Kremlin: Obama Team Trying To Damage Ties With Russia

Kremlin: Obama Team Trying To Damage Ties With Russia
US President Barack Obama (R) meets his Russian counterpart Vladimir Putin (L) in Los Cabos, Mexico, on June 18, 2012, during the G20 leaders Summit. (ALEXEI NIKOLSKY/AFP/GettyImages)
The Associated Press
11/17/2016
Updated:
11/17/2016

MOSCOW—The Kremlin accused U.S. President Barack Obama’s administration Thursday of trying to damage relations with Russia to a degree that would make rebuilding them in the future a challenge.

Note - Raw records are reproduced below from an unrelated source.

Lemma active_put_slice n w sg v : active (put_slice n w sg) v n = active w v n.
Proof. by rewrite /active ret_put_slice. Qed.

Definition notified_away (v : 'I_V) (k : nat) (sg : slice) : bool :=
  let: (o, cf, df) := sg in [&& o != None, cf v & (k < (df v).+1)%N].

Lemma notif_awayE v (t : 'I_T) (m : nat) w :
  notif w v t && (m < t + Zof w v t)%N = notified_away v (m - t) (slice_at t w).
Proof.
case: w => [[a c] d]; rewrite /notif /Zof /= valK !ffunE -andbA.
by congr [&& _, _ & _]; apply/idP/idP; lia.
Qed.

(* A notification while active at t sets [ret] to t + Z, and v can be notified
   while active again only from then on: at most one term of the sum is 1. *)
Lemma ret_count (w : Omega V S T) (v : 'I_V) (m j : nat) : (m <= j)%N ->
  (\sum_(0 <= t < m) (active w v t && notif w v t && (j < t + Zof w v t))
   = (j < ret w v m) :> nat)%N.
Proof.
elim: m => [|m IH] lt_mj; first by rewrite big_geq.
rewrite big_nat_recr //= IH ?(ltnW lt_mj) // /active.
case: (leqP (ret w v m) m) => [ret_le | _]; case: (notif w v m) => /=;
  try by case: (j < ret w v m)%N.
by rewrite ltnNge (leq_trans ret_le (ltnW lt_mj)).
Qed.

Lemma inactive_count (w : Omega V S T) (v : 'I_V) (n : nat) :
  (~~ active w v n
   = \sum_(0 <= t < n) (active w v t && notif w v t && (n < t + Zof w v t)) :> nat)%N.
Proof. by rewrite ret_count // /active -ltnNge. Qed.

End Slices.

Section SDNProbability.
Variables (R : realType) (V S T : nat).
Variables (lam : 'I_S -> 'I_T -> R) (g : nat -> R) (x : vec R V S T).
Local Notation pi := (pnot lam g x).
Local Notation Pr := (Pr lam g x).

Lemma sum_w_arr t : \sum_(o : option 'I_S) w_arr lam o t = 1.
Proof. by rewrite sum_option /= subrK. Qed.

Lemma sum_w_coin o u t : \sum_(b : bool) w_coin pi o u t b = 1.
Proof.
by rewrite big_bool; case: o => [s|] /=; [rewrite addrC subrK | rewrite add0r].
Qed.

Russian President Vladimir Putin’s foreign policy adviser, Yuri Ushakov, said Putin’s telephone conversation with U.S. President-elect Donald Trump this week revealed a “shared desire to join efforts in the fight against terrorism” that creates a “good basis for future work on the Syrian problem.”

During the conversation, Trump supported Putin’s call for normalizing U.S.-Russia ties, Ushakov told Russian news agencies. The two men agreed that bilateral relations “can’t be worse,” according to Ushakov, adding that Trump “expressed his readiness not only to normalize ties, but also develop them intensively in all areas.”

Trump’s office said in a statement following Monday’s call that “President-elect Trump noted to President Putin that he is very much looking forward to having a strong and enduring relationship with Russia and the people of Russia.”

Ushakov, meanwhile, alleged that the Obama administration of “doing everything it can to drive bilateral ties into such a deadlock that (it) would make it difficult for a new team to get them out from, if it wishes to do so.”

Obama was in Berlin on Thursday for his final foreign trip as president. The White House declined to comment on Ushakov’s accusation.

At the same time, Ushakov said that “it can’t be excluded” that Putin and Obama would have a conversation at the sidelines of the annual Asia-Pacific Economic Cooperation forum in Peru this weekend.

The timing for a meeting between Trump and Putin hasn’t been discussed yet, but their representatives plan to confer on scheduling, Ushakov said.